She wanted him to look up at her again, but he wouldn’t.
“They hanged me at Montfaucon in front of a crowd, every last one of them believing I’d murdered an innocent priest.”
Luc huffed a laugh, but Ingrid felt sick. She could see it all. Luc, standing at a gallows with his hands bound behind his back, a noose around his neck. A jeering crowd the last thing he saw before a suffocating black hood was thrown over his head. And then the fall. The snap of his neck.
“I didn’t repent then, and I still don’t,” he said.
Ingrid no longer just felt sick. She worried she might actually be sick. “I’m sorry, I need some air,” she said, her hand clasped lightly at her throat. “I’m fine. You needn’t come with me.” She scrambled forward and shoved open the carriage door. The steps were already lowered and she took them, fast.
She headed straight for the arcade entrance, a pair of glass doors under a fanned-out awning of iron and glass. To her relief, the doors were open, and she hurried inside.
He had died.
Of course, she’d known Luc had died and that he’d been young, but … she hadn’t been prepared to learn how. That he had been executed.

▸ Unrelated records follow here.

(* Let $1\le k<n$, let $C=[c_{ij}]$ be an $n\times n$ pairwise comparison matrix (all entries positive, $c_{ij}=1/c_{ji}$, $c_{ii}=1$), and let $C_k$ be its upper-left $k\times k$ submatrix. Let $A_k=I_k-\frac{1}{n-1}(C_k-I_k)$, i.e. $A_k$ has entries $1$ on the diagonal and $-\frac{1}{n-1}c_{ij}$ off the diagonal ($1\le i\ne j\le k$). If $k=1$, or if $1<k<n$ and $\mathit{CI}(C_k)<\frac{n-k}{k-1}$, then $A_k$ is invertible; consequently, for any positive reference weights $w(a_{k+1}),\dots,w(a_n)$, the arithmetic HRE system $A_k w=b$, where $w=(w(a_1),\dots,w(a_k))^T$ and $b_i=\frac{1}{n-1}\sum_{j=k+1}^n c_{ij}w(a_j)$ for $i=1,\dots,k$, has a unique solution.
   Context: Alternatives $a_1,\dots,a_n$; $a_1,\dots,a_k$ have unknown weights and $a_{k+1},\dots,a_n$ are reference alternatives with known positive weights $w(a_{k+1}),\dots,w(a_n)$. For a $k\times k$ pairwise comparison matrix $M$ with $k\ge 2$, Saaty's consistency index is $\mathit{CI}(M)=\frac{\rho(M)-k}{k-1}$, where $\rho(M)$ is the spectral radius of $M$ (which, for a positive matrix, is its Perron eigenvalue). *)

From HB Require Import structures.
From mathcomp Require Import all_boot all_order all_algebra.
From mathcomp Require Import complex.
Set Implicit Arguments. Unset Strict Implicit. Unset Printing Implicit Defensive.
Import Order.TTheory GRing.Theory Num.Theory.
Local Open Scope ring_scope.

Definition is_PCM (R : rcfType) (n : nat) (C : 'M[R]_n) : Prop :=
  (forall i j, 0 < C i j) /\ (forall i j, C i j = (C j i)^-1) /\ (forall i, C i i = 1).

(* The (complex) eigenvalues of a real square matrix, listed with
   multiplicity: the roots of its characteristic polynomial over R[i]. *)
Definition eigenvalues (R : rcfType) (k : nat) (M : 'M[R]_k) : seq R[i] :=
  proj1_sig (closed_field_poly_normal (char_poly (map_mx (real_complex R) M))).

Definition spectral_radius (R : rcfType) (k : nat) (M : 'M[R]_k) : R :=
  \big[Num.max/0]_(z <- eigenvalues M) ComplexField.Normc.normc z.

Definition CI (R : rcfType) (k : nat) (M : 'M[R]_k) : R :=
  (spectral_radius M - k%:R) / (k.-1)%:R.

Definition ulsub (R : Type) (n k : nat) (hk : (k <= n)%N) (C : 'M[R]_n) : 'M[R]_k :=
  \matrix_(i < k, j < k) C (widen_ord hk i) (widen_ord hk j).

Definition HRE_A (R : rcfType) (n k : nat) (hk : (k <= n)%N) (C : 'M[R]_n) : 'M[R]_k :=
  1%:M - ((n.-1)%:R)^-1 *: (ulsub hk C - 1%:M).

(* b_i = 1/(n-1) * sum_{j = k+1..n} c_ij w(a_j)  (0-based: j >= k). *)
Definition HRE_b (R : rcfType) (n k : nat) (hk : (k <= n)%N) (C : 'M[R]_n)
  (wref : 'I_n -> R) : 'cV[R]_k :=
  \col_(i < k) (((n.-1)%:R)^-1 * \sum_(j < n | (k <= j)%N) C (widen_ord hk i) j * wref j).

(* With [M := C_k], [A_k = -(n-1)^-1 (M - n I)].  The hypothesis on [CI(M)]
   is equivalent to [rho(M) < n]; since every real eigenvalue of [M] has
   modulus at most [rho(M)], the real number [n] is not an eigenvalue and
   [M - n I], hence [A_k], is invertible. *)
From HB Require Import structures.
From mathcomp Require Import all_boot all_order all_algebra.
From mathcomp Require Import complex.
From mathcomp Require Import ring.
Import Order.TTheory GRing.Theory Num.Theory.
Local Open Scope ring_scope.

Lemma eigenvalue_norm_le_spectral_radius (R : rcfType) (k : nat) (M : 'M[R]_k)
    (a : R) :
  eigenvalue M a -> `|a| <= spectral_radius M.
Proof.
rewrite -(eigenvalue_map (real_complex R)) eigenvalue_root_char => rootMa.
rewrite /spectral_radius /eigenvalues; case: closed_field_poly_normal => r /= charE.
move: rootMa; rewrite charE (monicP (char_poly_monic _)) scale1r root_prod_XsubC.
move=> /(@le_bigmax_seq _ _ _ r 0 _ xpredT (fun z => ComplexField.Normc.normc z)).
move=> /(_ isT).
by rewrite /ComplexField.Normc.normc /= expr0n /= addr0 sqrtr_sqr.
Qed.

Lemma unitmx_sub_scalar_gt_spectral_radius (R : rcfType) (k : nat)
    (M : 'M[R]_k) (a : R) :
  spectral_radius M < `|a| -> M - a%:M \in unitmx.
Proof.
move=> rho_lt; apply: contraT => not_unit.
have eigMa : eigenvalue M a.
  by rewrite /eigenvalue /eigenspace kermx_eq0 row_free_unit.
by move: rho_lt; rewrite ltNge eigenvalue_norm_le_spectral_radius.
Qed.

Lemma CI_lt_iff_spectral_radius_lt (R : rcfType) (n k : nat) (M : 'M[R]_k) :
  (1 < k)%N -> (k <= n)%N ->
  (CI M < (n - k)%:R / (k.-1)%:R) = (spectral_radius M < n%:R).
Proof.
move=> k_gt1 k_le_n.
have km1_gt0 : 0 < (k.-1)%:R :> R by rewrite ltr0n -ltnS prednK // ltnW.
by rewrite /CI ltr_pM2r ?invr_gt0 // natrB // ltrBlDr subrK.
Qed.

Lemma HRE_A_ord1 (R : rcfType) (n : nat) (h1 : (1 <= n)%N) (C : 'M[R]_n) :
  is_PCM C -> HRE_A h1 C = 1.
Proof.
case=> _ [_ diag1]; apply/matrixP => i j.
by rewrite !mxE !ord1 diag1 subrr mulr0 subr0.
Qed.

Lemma HRE_AE (R : rcfType) (n k : nat) (hk : (k <= n)%N) (C : 'M[R]_n) :
  (1 < n)%N ->
  HRE_A hk C = - ((n.-1)%:R)^-1 *: (ulsub hk C - n%:R%:M).
Proof.
move=> n_gt1.
have nm1_neq0 : (n.-1)%:R != 0 :> R by rewrite pnatr_eq0 -lt0n -ltnS prednK // ltnW.
have nE : n%:R = (n.-1)%:R + 1 :> R by rewrite natr1 prednK // ltnW.
apply/matrixP => i j; rewrite !mxE.
case: (i == j); rewrite /= ?mulr1n ?mulr0n; last by ring.
by rewrite nE; field.
Qed.

Lemma unitmx_exists_unique_solution (R : comUnitRingType) (k : nat)
    (A : 'M[R]_k) (b : 'cV[R]_k) :
  A \in unitmx -> exists! w : 'cV[R]_k, A *m w = b.
Proof.
move=> unitA; exists (invmx A *m b); split; first by rewrite mulKVmx.
by move=> w <-; rewrite mulKmx.
Qed.

Theorem mainTheorem1 (R : rcfType) (n k : nat) (hk1 : (1 <= k)%N) (hkn : (k < n)%N)
  (C : 'M[R]_n) (hC : is_PCM C) :
  (k = 1%N \/ ((1 < k)%N /\
     CI (ulsub (ltnW hkn) C) < (n - k)%:R / (k.-1)%:R)) ->
  HRE_A (ltnW hkn) C \in unitmx /\
  (forall wref : 'I_n -> R, (forall j : 'I_n, (k <= j)%N -> 0 < wref j) ->
     exists! w : 'cV[R]_k, HRE_A (ltnW hkn) C *m w = HRE_b (ltnW hkn) C wref).
Proof.
move=> hyp.
suff unitA : HRE_A (ltnW hkn) C \in unitmx.
  by split=> // wref _; exact: unitmx_exists_unique_solution.
case: hyp => [k1 | [k_gt1 CI_lt]].
  by move: (ltnW hkn); rewrite k1 => h1; rewrite HRE_A_ord1 ?unitmx1.
have n_gt1 : (1 < n)%N by exact: leq_ltn_trans hk1 hkn.
have nm1_neq0 : (n.-1)%:R != 0 :> R by rewrite pnatr_eq0 -lt0n -ltnS prednK // ltnW.
rewrite HRE_AE // unitmxZ; last by rewrite unitfE oppr_eq0 invr_eq0.
apply: unitmx_sub_scalar_gt_spectral_radius.
by rewrite normr_nat -CI_lt_iff_spectral_radius_lt // ltnW.
Qed.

The arcade’s main doors swung closed behind her. She slowed, the tap of her heels echoing along the long, empty corridor. The shopping arcade was an indoor plaza, with storefronts on either side of a wide corridor, topped by a glass roof. The stores weren’t open yet, and Ingrid hoped she wouldn’t come upon any vagrants taking shelter. Though she supposed that was what she was doing, in a way.
Ingrid started for the stone fountain up ahead. Here, in the warmth of the greenhouse-like building, water burbled from the fountain. There were benches nearby. She needed to sit and get the wretched image of Luc swinging from a gallows out of her mind.
She walked along the marble-floored corridor, passing over a short stretch of glass and iron that was in fact the roof of an underground arcade directly below. Little stretches of glass-and-iron bridges allowed the sunlight down to the subterranean arcade where Ingrid and Gabby had once shopped for hats and gloves.
She had nearly reached the benches when something moved near the tip of the fountain’s spout. The fountain was a basic tiered design with three bowls, the smallest at the top and the widest at the bottom. Water overflowed at each bowl’s rim, creating a cascade into the basin. Ingrid stopped walking and stared at the falling water. There was something moving through it, dropping from one bowl to the next. It looked like a white braided rope, thicker even than rope used to moor ships. But it wasn’t rope.
It slinked from the widest bowl into the main basin and then up over the lip of the fountain edge. Ingrid froze.
Axia’s serpent.
The snake’s diamond-shaped eyes fixed on Ingrid, its pale scales glistening and wet. Ingrid had nearly forgotten about the serpent and the way it had darted out from Axia’s robes to attack Ingrid when she’d been in the Underneath.
Axia couldn’t leave the demon realm, but her serpent clearly could. And it had come to fetch Ingrid.
The front doorbell rang its grating trill throughout the rectory, and Gabby slouched with relief. The breakfast table had become a war zone. The opposing armies were her parents, and Gabby had somehow become the innocent citizen caught in the cross fire.
“I don’t see the scandal in French lessons,” her mother said to Gabby, though her words were directed at her father. Lord Brickton sat at the opposite end of the table, the skin around his club collar mottled purple.
“Sending her off at the crack of dawn, without a chaperone and to a man’s home, isn’t scandalous?” he roared at Gabby, refusing to meet his wife’s eyes.
Gabby stared into her tea, which was far too milky, but her arm had jumped when her father had shouted earlier and she’d spilled in more than she preferred. Grayson had been smart enough not to come down to the dining room. The weasel had probably sneaked out altogether.
Their butler, Gustav, entered the dining room, his hands clasped behind his back. “My lord, my lady. Monsieur Quinn to see you.”
Gabby startled again, and this time a splash of tea crested the lip of her cup and sloshed onto her saucer. She sat with her back to the foyer entrance and heard Nolan’s footsteps as he entered. What on earth was he doing here? It was far too early to call, and Gabby hadn’t even pinned on one of her veiled hats yet. She resisted turning to face him.
“Detective Quinn, what a surprise,” Lady Brickton said, addressing him as she had in December when Nolan had pretended to be a detective searching for Grayson.
Her mother knew the truth now, of course, and her greeting had sounded cool.